Her agency is publicizing the attack now and explaining how it responded because other victimized organizations might just “reboot their systems and carry on without really knowing the root cause.”
Non-governmental agencies (NGOs) like Amnesty International have long been targets of governments unhappy with their work. State-backed hackers directly or indirectly break into the servers or smartphones of NGO workers looking for intelligence.
NGOs, many of whom are small and have limited funding, can be vulnerable. In January, after a service provider to the International Red Cross was hacked, Stéphane Duguin, CEO of the CyberPeace Institute, wrote a statement which in part said his agency’s research has shown that only one in 10 NGOs trains its staff regularly on cybersecurity, only one in four monitors their networks and only one in five has a cybersecurity plan.

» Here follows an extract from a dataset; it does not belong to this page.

(* Let $\Omega$ be a transitive state space whose positive cone $V_+$ is self-dual with respect to $\langle\cdot,\cdot\rangle_{GL(\Omega)}$. Then for every nonzero effect $e\in\mathcal E_\Omega$, $$\frac{e}{\langle u,e\rangle_{GL(\Omega)}}\in\Omega,$$ and for every ideal observable $F=\{f_a\}_{a\in A}$ on $\Omega$, $$\left\langle f_a,\frac{f_a}{\langle u,f_a\rangle_{GL(\Omega)}}\right\rangle_{GL(\Omega)}=1\quad\text{for all }a\in A.$$
   Context: $V=\mathbb R^{N+1}$ with Euclidean inner product $(\cdot,\cdot)_E$. A state space $\Omega\subset V$ is a compact convex set with $\mathrm{span}(\Omega)=V$ and $0\notin\mathrm{aff}(\Omega)$; $V_+=\{\lambda\omega:\lambda\ge0,\omega\in\Omega\}$; the unit effect $u\in V^*$ satisfies $u(\omega)=1$ on $\Omega$; effects $\mathcal E_\Omega=\{e\in V^*:0\le e(\omega)\le1\ \forall\omega\in\Omega\}$; an observable with finite outcome set $A$ is a family of effects $\{f_a\}_{a\in A}$ with $\sum_af_a=u$ (trivial observable $\{u\}$ excluded). An effect is pure if it is an extreme point of $\mathcal E_\Omega$; indecomposable if $e\ne0$ and $e=e_1+e_2$ with $e_1,e_2\in\mathcal E_\Omega$ forces $e_1,e_2$ to be scalar multiples of $e$. $F=\{f_a\}$ is ideal if each $f_a$ equals $\sum_{i\in I_a}e_i$ or $u-\sum_{i\in I_a}e_i$ for a finite family of pure indecomposable effects. $GL(\Omega)$: group of linear bijections $T$ of $V$ with $T(\Omega)=\Omega$, $\mu$ its normalized Haar measure, $\langle x,y\rangle_{GL(\Omega)}=\int(Tx,Ty)_E\,d\mu(T)$. $\Omega$ is transitive if $GL(\Omega)$ acts transitively on the extreme points; then there is a unique $GL(\Omega)$-invariant state $\omega_M$, and by convention $(\omega_M,\omega_M)_E=1$. $V_+$ is self-dual w.r.t. $\langle\cdot,\cdot\rangle_{GL(\Omega)}$ if $V_+=\{y:\langle x,y\rangle_{GL(\Omega)}\ge0\ \forall x\in V_+\}$. Every linear functional (in particular every effect and $u$) is identified with the vector in $V$ representing it through $\langle\cdot,\cdot\rangle_{GL(\Omega)}$, and inner products of effects are computed between these vectors. *)

From HB Require Import structures.
From mathcomp Require Import all_boot all_order all_algebra.
From mathcomp Require Import all_classical all_reals all_analysis.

In 2017, University of Toronto’s Citizen Lab, along with partners R3D, SocialTic and Article19, released a series of eight reports on widespread use of the Pegasus smartphone spyware used against many sectors of Mexican civil society, including investigative journalists and lawyers for cartel victims’ families, anti-corruption groups, prominent lawmakers, international investigators examining enforced disappearances, and even the spouse of a journalist killed in a cartel slaying.
Secureworks has some experience in looking at attacks on NGOs. In 2019 it published a report on a cyberespionage group it dubbed Bronze President, which it believes is likely a China-based threat actor targeting NGOs, as well as political and law enforcement organizations in countries in South and East Asia.
NGOs and similar organizations should pay attention to the Amnesty Canada attack, he added, and think about the security of their own IT networks and data.
Asked if NGOs devote enough resources to cybersecurity, McLellan noted as a group they have resource and financial constraints. “It’s about making the best you can with the investments you’ve got.”